Two mobile money platforms have launched in Ethiopia, as the country looks to improve the take-up of bank services.

Dutch firm BelCash and Ireland’s Moss ICT are providing the infrastructure over which local banks and financial institutions are providing deposit, withdrawal, transfer and payment services via mobile device.

BelCash’s Hellocash service launched as a pilot in January 2015. And will launch commercially when it receives approval from the National Bank of Ethiopia. The hope is to receive permission in between three and six months’ time, the firm told Mobile World Live. Over 10,000 users expected to be active during the pilot phase

And BelCash could have 10 million customers by 2017 or 2018, the firm’s chief executive Vince Diop bullishly told Reuters. It would receive a fee for each transaction made.

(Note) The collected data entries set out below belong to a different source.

Lemma gap_le_S i : gap i <= gap (S i).
Proof.
  induction i as [i IH] using lt_wf_ind.
  assert (gap_nonneg : forall j, (j <= i)%nat -> 0 <= gap j).
  { intros j Hj. rewrite <- gap_0. apply nondecr_le; [|lia].
    intros k Hk. apply IH. lia. }
  assert (n_le : forall m, (m <= i)%nat -> n m <= n i).
  { intros m Hm. apply nondecr_le; [|lia].
    intros j Hj. pose proof (gap_nonneg j ltac:(lia)). unfold gap in *. lra. }
  unfold gap. destruct (psi (S i)) as [a|m] eqn:E.
  - rewrite (nval_S_letter (S i) a) by (auto; lia).
    pose proof (n_le 0%nat ltac:(lia)) as Hn0. change (n 0) with 0 in Hn0. lra.
  - pose proof (psi_index_range (S i) m ltac:(lia) E).
    rewrite (nval_S_index (S i) m) by (auto; lia).
    pose proof (n_le m ltac:(lia)). lra.
Qed.

Lemma gap_nonneg j : 0 <= gap j.
Proof. rewrite <- gap_0. apply nondecr_le; [intros; apply gap_le_S | lia]. Qed.

Lemma gap_ge_1 j : (1 <= j)%nat -> 1 <= gap j.
Proof. intros Hj. rewrite <- gap_1. apply nondecr_le; [intros; apply gap_le_S | lia]. Qed.

Lemma nval_le a b : (a <= b)%nat -> n a <= n b.
Proof.
  apply nondecr_le. intros j _. pose proof (gap_nonneg j). unfold gap in *. lra.
Qed.

Lemma gap_pred_of_notinT j : (1 <= j)%nat -> ~ inT psi j -> gap j = gap (j - 1).
Proof.
  intros Hj Hnot. unfold gap.
  rewrite (nval_S_index j (j - 1)) by auto using psi_notinT.
  replace (S (j - 1)) with j by lia. lra.
Qed.

Lemma gap_run t' t j : consec psi t' t -> (t' <= j < t)%nat -> gap j = gap t'.
Proof.
  intros [[Ht' _] [_ [_ Hno]]]. induction j as [|j IH]; intros Hj.
  - now replace t' with 0%nat by lia.
  - destruct (Nat.eq_dec t' (S j)) as [->|Hne]; [reflexivity|].
    rewrite gap_pred_of_notinT by (try apply Hno; lia).
    replace (S j - 1)%nat with j by lia. apply IH. lia.
Qed.

Lemma nval_ge_1 i : (2 <= i)%nat -> 1 <= n i.
Proof.
  intros Hi. pose proof (nval_le 2 i Hi). pose proof gap_1 as Hgap1.
  unfold gap in Hgap1. change (n 1) with 0 in Hgap1. lra.
Qed.

Definition defect t := n (t - 1) - gap t.

Lemma nval_decomp t : (1 <= t)%nat -> n t = defect t + gap (t - 1) + gap t.
Proof. intros Ht. unfold defect, gap. replace (S (t - 1)) with t by lia. lra. Qed.

Lemma gap_lt_of_ratio s t :
  (1 <= t)%nat -> n (S t) < s * n t ->
  gap t < (s - 1) * (defect t + gap (t - 1) + gap t).
Proof. intros Ht Hr. rewrite <- nval_decomp by exact Ht. unfold gap. lra. Qed.

Lemma consec_lt t' t : consec psi t' t -> (1 <= t' < t)%nat.
Proof. intros [[Ht' _] [_ [Hlt _]]]. lia. Qed.

Lemma defect_step t' t m :
  consec psi t' t -> psi t = inr m -> defect t = defect t' - (n (t' - 1) - n m).
Proof.
  intros Hc Hm. pose proof (consec_lt t' t Hc).
  pose proof (gap_run t' t (t - 1) Hc ltac:(lia)) as Hrun.
  unfold defect, gap in *. rewrite (nval_S_index t m) in * by (auto; lia).
  replace (S (t - 1)) with t in Hrun by lia. lra.
Qed.

Lemma consec_le t' t u : consec psi t' t -> inT psi u -> (u < t)%nat -> (u <= t')%nat.
Proof.
  intros [_ [_ [_ Hno]]] Hu Hlt. destruct (Nat.le_gt_cases u t'); auto.
  exfalso. apply (Hno u); auto.
Qed.

Lemma consec_S u : inT psi u -> inT psi (S u) -> consec psi u (S u).
Proof. intros Hu HSu. split; [exact Hu | split; [exact HSu | split; [lia | intros v Hv; lia]]]. Qed.

Lemma consec_exists t : inT psi t -> (1 < t)%nat -> exists t', consec psi t' t.
Proof.
  intros Ht H1. destruct (max_below (inT psi) 1 t inT_1 H1) as [t' [Hrange [Ht' Hmax]]].
  exists t'. split; [exact Ht' | split; [exact Ht | split; [lia | exact Hmax]]].
Qed.

End Recurrence.

Section Sqrt3.

Variable s : R.
Hypothesis s_sq : s * s = 3.
Hypothesis s_pos : 0 < s.

Lemma sqrt3_range : 5 / 3 < s < 2.
Proof.
  split; apply Rnot_le_lt; intros H.
  - assert (s * s <= 5 / 3 * (5 / 3)) by (apply Rmult_le_compat; lra). lra.
  - assert (2 * 2 <= s * s) by (apply Rmult_le_compat; lra). lra.
Qed.

Lemma sqrt3_ineq_run G D E dl :
  (2 - s) * E + dl < (s - 1) * G + (2 * s - 3) * D ->
  E <= dl -> D < (s - 1) * (G + E + D) -> G <= 0 -> False.
Proof.
  intros Hkey HE HD HG.
  assert (HsD : s * D < (3 - s) * (G + E + D)).
  { replace (3 - s) with (s * (s - 1)) by (rewrite <- s_sq; ring).
    rewrite Rmult_assoc. now apply Rmult_lt_compat_l. }
  lra.
Qed.

Lemma sqrt3_ineq_jump G D E F d dl :
  (2 - s) * E + dl < (s - 1) * (G - d) + (2 * s - 3) * D ->
  D = E + F + d -> F <= dl -> 0 <= d -> E < (s - 1) * (G + F + E) -> G <= 0 -> False.
Proof.
  intros Hkey HD HF Hd HE HG. subst D. pose proof sqrt3_range.
  assert (HsE : (s - 1) * E < (4 - 2 * s) * (G + F + E)).
  { replace (4 - 2 * s) with ((s - 1) * (s - 1)) by nra.
    rewrite Rmult_assoc. apply Rmult_lt_compat_l; lra. }
  nra.
Qed.

End Sqrt3.

Section Tail.

Context {A : Type} (psi : nat -> A + nat).
Hypothesis psi_fun : is_function psi.
Hypothesis psi_red : reduced psi.

Variable s : R.
Hypothesis s_sq : s * s = 3.
Hypothesis s_pos : 0 < s.

Variable N0 : nat.
Hypothesis N0_ge_3 : (3 <= N0)%nat.
Hypothesis ratio_tail : forall i, (N0 <= i)%nat -> nval psi (S i) < s * nval psi i.

Local Notation n := (nval psi).
Local Notation gap := (gap psi).
Local Notation defect := (defect psi).

Lemma psi_tail_index i : (N0 <= i)%nat -> exists m, psi i = inr m.
Proof.
  intros Hi. destruct (psi i) as [a|m] eqn:E; [exfalso | now exists m].
  pose proof (ratio_tail i Hi) as Hr.
  rewrite (nval_S_letter psi i a) in Hr by (auto; lia).
  pose proof (nval_ge_1 psi psi_fun i ltac:(lia)). pose proof (sqrt3_range s s_sq s_pos). nra.
Qed.

Lemma reduced_index t' t m : consec psi t' t -> psi t = inr m -> (m < t')%nat.
Proof. intros Hc Hm. destruct (psi_red t' t Hc) as [_ Hr]. now rewrite Hm in Hr. Qed.

Lemma defect_le t' t : consec psi t' t -> (N0 <= t)%nat -> defect t <= defect t'.
Proof.
  intros Hc Ht. destruct (psi_tail_index t Ht) as [m Hm].
  pose proof (reduced_index t' t m Hc Hm).
  rewrite (defect_step psi psi_fun t' t m Hc Hm).
  pose proof (nval_le psi psi_fun m (t' - 1) ltac:(lia)). lra.
Qed.

Lemma defect_drop t' t :
  consec psi t' t -> (N0 <= t')%nat -> psi t <> inr (t' - 1)%nat -> defect t <= defect t' - 1.
Proof.
  intros Hc Ht' Hne. pose proof (consec_lt psi t' t Hc).
  destruct (psi_tail_index t ltac:(lia)) as [m Hm].
  assert (m <> (t' - 1)%nat) by congruence.
  pose proof (reduced_index t' t m Hc Hm).
  rewrite (defect_step psi psi_fun t' t m Hc Hm).
  pose proof (nval_le psi psi_fun m (t' - 2) ltac:(lia)).
  pose proof (gap_ge_1 psi psi_fun (t' - 2) ltac:(lia)). unfold gap in *.
  replace (S (t' - 2)) with (t' - 1)%nat in * by lia. lra.
Qed.

Lemma defect_antitone u t :
  inT psi u -> inT psi t -> (N0 <= u <= t)%nat -> defect t <= defect u.
Proof.
  induction t as [t IH] using lt_wf_ind. intros Hu Ht Hut.
  destruct (Nat.eq_dec u t) as [<-|Hne]; [lra|].
  destruct (consec_exists psi psi_fun t Ht ltac:(lia)) as [t' Hc].
  pose proof (consec_lt psi t' t Hc).
  pose proof (consec_le psi t' t u Hc Hu ltac:(lia)).
  pose proof (defect_le t' t Hc ltac:(lia)).
  pose proof (IH t' ltac:(lia) Hu (proj1 Hc) ltac:(lia)). lra.
Qed.

Lemma violation_key_bound t1 t m :
  consec psi t1 t -> (N0 <= t)%nat -> psi t = inr m ->
  (2 - s) * gap (t1 - 1) + (n (t1 - 1) - n m) < (s - 1) * defect t1 + (2 * s - 3) * gap t1.
Proof.
  intros Hc Ht Hm. pose proof (consec_lt psi t1 t Hc). pose proof (sqrt3_range s s_sq s_pos).
  pose proof (gap_lt_of_ratio psi s t ltac:(lia) (ratio_tail t Ht)) as Hr.
  rewrite (defect_step psi psi_fun t1 t m Hc Hm),
    (gap_run psi psi_fun t1 t (t - 1) Hc ltac:(lia)) in Hr.
  assert (Hgap : gap t1 + gap (t1 - 1) + (n (t1 - 1) - n m) <= gap t).
  { pose proof (nval_le psi psi_fun (S t1) t ltac:(lia)).
    unfold gap. rewrite (nval_S_index psi psi_fun t m) by (auto; lia).
    replace (S (t1 - 1)) with t1 by lia. lra. }
  nra.
Qed.

Lemma violation_absurd_run u t m :
  ~ inT psi u -> consec psi (S u) t -> (N0 <= u)%nat -> psi t = inr m ->
  (m <= u - 1)%nat -> defect (S u) <= 0 -> False.
Proof.
  intros Hnot Hc Hu Hm Hmle HG. pose proof (consec_lt psi (S u) t Hc).
  pose proof (violation_key_bound (S u) t m Hc ltac:(lia) Hm) as Hkey.
  replace (S u - 1)%nat with u in Hkey by lia.
  pose proof (gap_pred_of_notinT psi psi_fun u ltac:(lia) Hnot) as Hflat.
  apply (sqrt3_ineq_run s s_sq s_pos (defect (S u)) (gap (S u)) (gap u) (n u - n m)); auto.
  - pose proof (nval_le psi psi_fun m (u - 1) Hmle). rewrite Hflat. unfold gap.
    replace (S (u - 1)) with u by lia. lra.
  - replace (gap u) with (gap (S u - 1)) by (f_equal; lia).
    apply gap_lt_of_ratio; auto; lia.
Qed.

Lemma violation_absurd_jump u t m :
  consec psi u (S u) -> consec psi (S u) t -> (N0 <= u)%nat -> psi t = inr m ->
  (m <= u - 1)%nat -> defect u <= 0 -> False.
Proof.
  intros Hc1 Hc Hu Hm Hmle HG. pose proof (consec_lt psi (S u) t Hc).
  pose proof (violation_key_bound (S u) t m Hc ltac:(lia) Hm) as Hkey.
  replace (S u - 1)%nat with u in Hkey by lia.
  destruct (psi_tail_index (S u) ltac:(lia)) as [m1 Hm1].
  pose proof (reduced_index u (S u) m1 Hc1 Hm1).
  rewrite (defect_step psi psi_fun u (S u) m1 Hc1 Hm1) in Hkey.
  apply (sqrt3_ineq_jump s s_sq s_pos (defect u) (gap (S u)) (gap u) (gap (u - 1))
           (n (u - 1) - n m1) (n u - n m)); auto.
  - unfold gap. rewrite (nval_S_index psi psi_fun (S u) m1) by (auto; lia).
    replace (S (u - 1)) with u by lia. lra.
  - pose proof (nval_le psi psi_fun m (u - 1) Hmle). unfold gap.
    replace (S (u - 1)) with u by lia. lra.
  - pose proof (nval_le psi psi_fun m1 (u - 1) ltac:(lia)). lra.
  - apply gap_lt_of_ratio; auto; lia.
Qed.

Lemma no_violation_beyond ts t1 t :
  inT psi ts -> (N0 <= ts < t1)%nat -> defect ts <= 0 -> consec psi t1 t ->
  psi t = inr (t1 - 1)%nat.
Proof.
  intros Hts Hrange Hdef Hc. apply NNPP. intros Hne.
  pose proof (consec_lt psi t1 t Hc).
  destruct (psi_tail_index t ltac:(lia)) as [m Hm].
  pose proof (reduced_index t1 t m Hc Hm).
  assert (m <> (t1 - 1)%nat) by congruence.
  destruct t1 as [|u]; [lia|]. replace (S u - 1)%nat with u in * by lia.
  destruct (classic (inT psi u)) as [Hin|Hnot].
  - pose proof (defect_antitone ts u Hts Hin ltac:(lia)).
    apply (violation_absurd_jump u t m (consec_S psi u Hin (proj1 Hc)) Hc ltac:(lia) Hm);
      (lia || lra).
  - pose proof (defect_antitone ts (S u) Hts (proj1 Hc) ltac:(lia)).
    apply (violation_absurd_run u t m Hnot Hc ltac:(lia) Hm); (lia || lra).
Qed.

Customers of Lion International Bank and Somali Micro Finance are to offer HelloCash to their account holders, said BelCash.

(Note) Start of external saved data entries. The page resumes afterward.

(* Take the natural numbers as states and, at state [u], let a coalition
   [C <> N] force [f] to the degree [inf_{s>u} f s] and the grand coalition to
   [sup_{s>u} f s].  This frame is truly playable: the principal witness at [u]
   is the indicator of [(u, oo)].  Replacing these by [liminf f] and [limsup f]
   at every state gives a frame that is still playable, since each axiom
   involves finitely many values, all attained by the first frame at late
   states; but it is not principal, because the cofinite filter is not.
   For a fixed valuation the two frames give every formula the same value at
   all late states, and in the second frame the value at a state depends only
   on the valuation there and on its tail, so any state can be moved out far:
   hence every formula valid in the first frame is valid in the second. *)

Definition eventually (P : nat -> Prop) := exists K, forall u, (K <= u)%N -> P u.

Lemma eventually_and (P Q : nat -> Prop) :
  eventually P -> eventually Q -> eventually (fun u => P u /\ Q u).
Proof.
move=> [K1 h1] [K2 h2]; exists (maxn K1 K2) => u.
by rewrite geq_max => /andP[u1 u2]; split; [apply: h1 | apply: h2].
Qed.

Lemma eventually_mono (P Q : nat -> Prop) :
  (forall u, P u -> Q u) -> eventually P -> eventually Q.
Proof. by move=> PQ [K hK]; exists K => u Ku; apply/PQ/hK. Qed.

Lemma eventually_after (P : nat -> Prop) :
  eventually P -> eventually (fun u => forall s, (u < s)%N -> P s).
Proof. by move=> [K hK]; exists K => u Ku s us; apply/hK/ltnW/(leq_ltn_trans Ku). Qed.

Lemma eventually_ex (P : nat -> Prop) : eventually P -> exists u, P u.
Proof. by move=> [K hK]; exists K; apply: hK. Qed.

Section Tail.
Variable n : nat.
Local Notation L := (Luk n).

Definition lleb : rel L := fun x y => (x <= y)%N.
Definition lgeb : rel L := fun x y => (y <= x)%N.

Lemma lleb_refl : reflexive lleb. Proof. by move=> x; apply: leqnn. Qed.
Lemma lgeb_refl : reflexive lgeb. Proof. by move=> x; apply: leqnn. Qed.

Lemma lleb_trans : transitive lleb. Proof. by move=> y x z; apply: leq_trans. Qed.
Lemma lgeb_trans : transitive lgeb. Proof. by move=> y x z xy yz; apply: leq_trans yz xy. Qed.

Lemma lleb_anti : antisymmetric lleb.
Proof. by move=> x y le_xy; apply/ord_inj/anti_leq. Qed.

Lemma lgeb_anti : antisymmetric lgeb.
Proof. by move=> x y; rewrite andbC; apply: lleb_anti. Qed.

Lemma val_lneg (x : L) : nat_of_ord (lneg x) = n - x.
Proof. by rewrite /lneg inordK // ltnS leq_subr. Qed.

Lemma val_lmin (x y : L) : nat_of_ord (lmin x y) = minn x y.
Proof. by rewrite /lmin inordK // ltnS geq_min leq_ord. Qed.

Lemma val_loplus (x y : L) : nat_of_ord (loplus x y) = minn (x + y) n.
Proof. by rewrite /loplus inordK // ltnS geq_min leqnn orbT. Qed.

Lemma val_lodot (x y : L) : nat_of_ord (lodot x y) = x + y - n.
Proof. rewrite /lodot inordK //; have := leq_ord x; have := leq_ord y; lia. Qed.

Lemma lle_lmin2 (a b c d : L) : lle a c -> lle b d -> lle (lmin a b) (lmin c d).
Proof. by rewrite /lle !val_lmin; lia. Qed.

Lemma lnegK : involutive (@lneg n).
Proof. by move=> x; apply: ord_inj; rewrite !val_lneg subKn ?leq_ord. Qed.

Lemma lpow_idem k (x : L) : lodot x x = x -> lpow k.+1 x = x.
Proof. by move=> xx; elim: k => [//|k IHk]; rewrite -[lpow _ _]/(lodot x (lpow k.+1 x)) IHk. Qed.

Lemma lodot_top : lodot (ltop n) (ltop n) = ltop n.
Proof. by apply: ord_inj; rewrite val_lodot /= addnK. Qed.

Lemma lodot_bot : lodot (lbot n) (lbot n) = lbot n.
Proof. by apply: ord_inj; rewrite val_lodot /= sub0n. Qed.

Definition tail_least (R : rel L) (u : nat) (f : nat -> L) (v : L) :=
  (forall s, (u < s)%N -> R v (f s)) /\ exists2 s, (u < s)%N & f s = v.

Section TailLeast.
Variable R : rel L.

Lemma tail_least_ext u (f g : nat -> L) v :
  (forall s, (u < s)%N -> f s = g s) -> tail_least R u f v -> tail_least R u g v.
Proof.
move=> fg [lb [s us fsv]]; subst v; split; last by exists s; rewrite // fg.
by move=> t ut; rewrite -fg //; apply: lb.
Qed.

Lemma tail_least_map (R' : rel L) (phi : L -> L) u f v :
  {homo phi : x y / R x y >-> R' x y} ->
  tail_least R u f v -> tail_least R' u (fun s => phi (f s)) (phi v).
Proof.
move=> hphi [lb [s us fsv]]; subst v; split; last by exists s.
by move=> t ut; apply: hphi; apply: lb.
Qed.

Lemma tail_least_const u c : reflexive R -> tail_least R u (fun _ => c) c.
Proof. by move=> Rr; split=> [s _|]; [apply: Rr | exists u.+1]. Qed.

Lemma tail_least_le i j f a b : (i <= j)%N ->
  tail_least R i f a -> tail_least R j f b -> R a b.
Proof. by move=> ij [lb _] [_ [s js <-]]; apply: lb; apply: leq_ltn_trans js. Qed.

Lemma tail_least_mono u (f g : nat -> L) a b : transitive R ->
  (forall s, R (g s) (f s)) -> tail_least R u g a -> tail_least R u f b -> R a b.
Proof. by move=> Rt gf [lb _] [_ [s us <-]]; apply: Rt (gf s); apply: lb. Qed.

Lemma tail_least_uniq u f v w : antisymmetric R ->
  tail_least R u f v -> tail_least R u f w -> v = w.
Proof.
move=> Ra hv hw; apply: Ra.
by rewrite (tail_least_le (leqnn u) hv hw) (tail_least_le (leqnn u) hw hv).
Qed.

Lemma tail_least_eventually (a : nat -> L) (R' : rel L) l :
  antisymmetric R -> (forall x y, R' x y = R y x) ->
  {homo a : i j / (i <= j)%N >-> R i j} ->
  tail_least R' 0 a l -> eventually (fun u => a u = l).
Proof.
move=> Ra R'E amono [ub [s s_gt0 asl]]; subst l; exists s => u su.
by apply: Ra; rewrite (amono _ _ su) andbT -R'E ub // (leq_trans s_gt0 su).
Qed.

End TailLeast.

Lemma exists_tail_min u (f : nat -> L) : exists v, tail_least lleb u f v.
Proof.
pose P k := exists2 s, (u < s)%N & nat_of_ord (f s) = k.
have [k [[[s us fs] least] _]] :=
  Wf_nat.dec_inh_nat_subset_has_unique_least_element P (fun k => classic (P k))
    (ex_intro _ _ (ex_intro2 _ _ u.+1 (ltnSn u) erefl)).
exists (f s); split; last by exists s.
by move=> t ut; rewrite /lleb fs; apply/leP/least; exists t.
Qed.

Definition tinf u (f : nat -> L) : L := epsilon (inhabits (lbot n)) (tail_least lleb u f).

Definition tsup u (f : nat -> L) : L := lneg (tinf u (fun s => lneg (f s))).

Lemma tinfP u f : tail_least lleb u f (tinf u f).
Proof. exact: epsilon_spec (exists_tail_min u f). Qed.

Lemma tsupP u f : tail_least lgeb u f (tsup u f).
Proof.
apply: tail_least_ext (fun s _ => lnegK (f s)) _.
apply: tail_least_map (tinfP _ _) => x y; rewrite /lleb /lgeb !val_lneg.
by move=> le_xy; apply: leq_sub2l.
Qed.

Definition liminf (f : nat -> L) : L := tsup 0 (fun u => tinf u f).
Definition limsup (f : nat -> L) : L := tinf 0 (fun u => tsup u f).

Lemma tinf_eventually f : eventually (fun u => tinf u f = liminf f).
Proof.
apply: (tail_least_eventually (R := lleb) lleb_anti _ _ (tsupP _ _)) => // i j ij.
exact: tail_least_le ij (tinfP i f) (tinfP j f).
Qed.

Lemma tsup_eventually f : eventually (fun u => tsup u f = limsup f).
Proof.
apply: (tail_least_eventually (R := lgeb) lgeb_anti _ _ (tinfP _ _)) => // i j ij.
exact: tail_least_le ij (tsupP i f) (tsupP j f).
Qed.

End Tail.

Section Limit.
Variables (N : finType) (n : nat) (S : Type).

Lemma playable_eventual_limit (Eu : nat -> effFun N n S) (E : effFun N n S) :
  (forall u, playable (Eu u)) ->
  (forall C f, eventually (fun u => Eu u C f = E C f)) -> playable E.
Proof.
move=> Eu_play Eu_lim.
have at_once C1 f1 C2 f2 C3 f3 : exists u, [/\ playable (Eu u),
    Eu u C1 f1 = E C1 f1, Eu u C2 f2 = E C2 f2 & Eu u C3 f3 = E C3 f3].
  have [u [e1 [e2 e3]]] := eventually_ex (eventually_and (Eu_lim C1 f1)
    (eventually_and (Eu_lim C2 f2) (Eu_lim C3 f3))).
  by exists u; split.
split; [|split; [|split; [|split; [|split]]]].
- move=> C f g; have [u [[mono _] <- <- _]] := at_once C f C g C f.
  exact: mono.
- move=> f; have [u [[_ [Nmax _]] <- <- _]] :=
    at_once set0 (fun s => lneg (f s)) setT f setT f.
  exact: Nmax.
- move=> C1 C2 f g; have [u [[_ [_ [sadd _]]] <- <- <-]] :=
    at_once C1 f C2 g (C1 :|: C2) (fun s => lmin (f s) (g s)).
  exact: sadd.
- move=> C f; have [u [[_ [_ [_ [hom _]]]] <- <- <-]] :=
    at_once C f C (fun s => loplus (f s) (f s)) C (fun s => lodot (f s) (f s)).
  exact: hom.
- move=> C; have [u [[_ [_ [_ [_ [live _]]]]] <- _ _]] :=
    at_once C (fun _ => ltop n) C (fun _ => ltop n) C (fun _ => ltop n).
  exact: live.
- move=> C; have [u [[_ [_ [_ [_ [_ safe]]]]] <- _ _]] :=
    at_once C (fun _ => lbot n) C (fun _ => lbot n) C (fun _ => lbot n).
  exact: safe.
Qed.

End Limit.

Section Frames.
Variables (N : finType) (n : nat).
Local Notation L := (Luk n).

Definition tailE (u : nat) : effFun N n nat :=
  fun C f => if C == setT then tsup u f else tinf u f.

Definition limE : effFun N n nat :=
  fun C f => if C == setT then limsup f else liminf f.

Lemma tailE_eventually C f : eventually (fun u => tailE u C f = limE C f).
Proof.
by rewrite /tailE /limE; case: ifP => _; [apply: tsup_eventually | apply: tinf_eventually].
Qed.

Lemma tailE_ext u C (f g : nat -> L) :
  (forall s, (u < s)%N -> f s = g s) -> tailE u C f = tailE u C g.
Proof.
move=> fg; rewrite /tailE; case: ifP => _.
- exact: tail_least_uniq (@lgeb_anti n) (tail_least_ext fg (tsupP u f)) (tsupP u g).
- exact: tail_least_uniq (@lleb_anti n) (tail_least_ext fg (tinfP u f)) (tinfP u g).
Qed.

Lemma tailE_const u C (c : L) : tailE u C (fun _ => c) = c.
Proof.
rewrite /tailE; case: ifP => _.
- exact: tail_least_uniq (@lgeb_anti n) (tsupP u _) (tail_least_const u c (@lgeb_refl n)).
- exact: tail_least_uniq (@lleb_anti n) (tinfP u _) (tail_least_const u c (@lleb_refl n)).
Qed.

Lemma limE_ext C (f g : nat -> L) :
  eventually (fun s => f s = g s) -> limE C f = limE C g.
Proof.
move=> fg_ev; have [u [[fg <-] <-]] := eventually_ex (eventually_and (eventually_and
  (eventually_after fg_ev) (tailE_eventually C f)) (tailE_eventually C g)).
exact: tailE_ext.
Qed.

Lemma limE_const C (c : L) : limE C (fun _ => c) = c.
Proof. by have [u <-] := eventually_ex (tailE_eventually C (fun _ => c)); apply: tailE_const. Qed.

Lemma tailE_map u C f (phi : L -> L) : {homo phi : x y / lleb x y} ->
  tailE u C (fun s => phi (f s)) = phi (tailE u C f).
Proof.
move=> phi_mono; rewrite /tailE; case: ifP => _.
- apply: tail_least_uniq (@lgeb_anti n) (tsupP u _) (tail_least_map _ (tsupP u f)).
  by move=> x y; apply: phi_mono.
- exact: tail_least_uniq (@lleb_anti n) (tinfP u _) (tail_least_map phi_mono (tinfP u f)).
Qed.

Lemma tailE_mono u C (f g : nat -> L) :
  (forall s, lle (g s) (f s)) -> lle (tailE u C g) (tailE u C f).
Proof.
move=> gf; rewrite /tailE; case: ifP => _.
- exact: tail_least_mono (@lgeb_trans n) gf (tsupP u f) (tsupP u g).
- exact: tail_least_mono (@lleb_trans n) gf (tinfP u g) (tinfP u f).
Qed.

Lemma tailE_le_some u C f : exists2 s, (u < s)%N & lle (tailE u C f) (f s).
Proof.
rewrite /tailE; case: ifP => _.
- by have [_ [s us <-]] := tsupP u f; exists s => //; apply: leqnn.
- by exists u.+1 => //; apply: (tinfP u f).1.
Qed.

Lemma tailE_le_all u C f : C != setT -> forall s, (u < s)%N -> lle (tailE u C f) (f s).
Proof. by rewrite /tailE => /negbTE ->; apply: (tinfP u f).1. Qed.

Section Nondegenerate.
Hypothesis set0_neqT : set0 != setT :> {set N}.

Lemma tailE_superadditive u : superadditive (tailE u).
Proof.
move=> C1 C2 f g disj.
have [UT|UnT] := eqVneq (C1 :|: C2) setT; rewrite /tailE.
- have C12nT : (C1 != setT) || (C2 != setT).
    rewrite -negb_and; apply: contra set0_neqT => /andP[/eqP C1T /eqP C2T].
    by rewrite -disj C1T C2T setIid.
  have [s us le_s] : exists2 s, (u < s)%N &
      lle (lmin (tailE u C1 f) (tailE u C2 g)) (lmin (f s) (g s)).
    case/orP: C12nT => CnT.
    + have [s us le_s] := tailE_le_some u C2 g.
      by exists s => //; apply: lle_lmin2 le_s; apply: tailE_le_all.
    + have [s us le_s] := tailE_le_some u C1 f.
      by exists s => //; apply: lle_lmin2; last apply: tailE_le_all.
  rewrite UT eqxx; apply: leq_trans le_s _.
  exact: (tsupP u (fun s => lmin (f s) (g s))).1.
- have C1nT : C1 != setT by apply: contraNneq UnT => ->; rewrite setTU.
  have C2nT : C2 != setT by apply: contraNneq UnT => ->; rewrite setUT.
  rewrite (negbTE UnT); have [_ [s us <-]] := tinfP u (fun s => lmin (f s) (g s)).
  by apply: lle_lmin2; apply: tailE_le_all.
Qed.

Diop also said the Cooperative Bank of Oromia was signed up. The country has a total of sixteen privately owned banks. Two more are in the Hellocash camp but have yet to make an application to the country’s central bank.

Meanwhile rival Moss ICT’s m-Birr service, which was approved by the country’s central bank in December, will be offered by five microfinance firms. It already has 5,000 to 6,000 users and expects to add 13,000 in February.

Moss ICT’s deputy general manager Kidist Negeye said the potential market was “in the millions”.

Only one in ten people currently have a bank account in Ethiopia.

BelCash is pushing its service’s interoperability and shared infrastructure features. The system is designed for multiple banks and microfinance firms to be interconnected and offer the mobile money service to their customers. Partnering financial institutions are able to share each other’s agent and branch network to serve each other’s customers.

This allow the customer of any partnering bank to visit any agent or branch to conduct financial services regardless of which bank the customer belongs too. The sharing of agent networks allow partnering banks to optimise their investment as well as increase nationwide service coverage.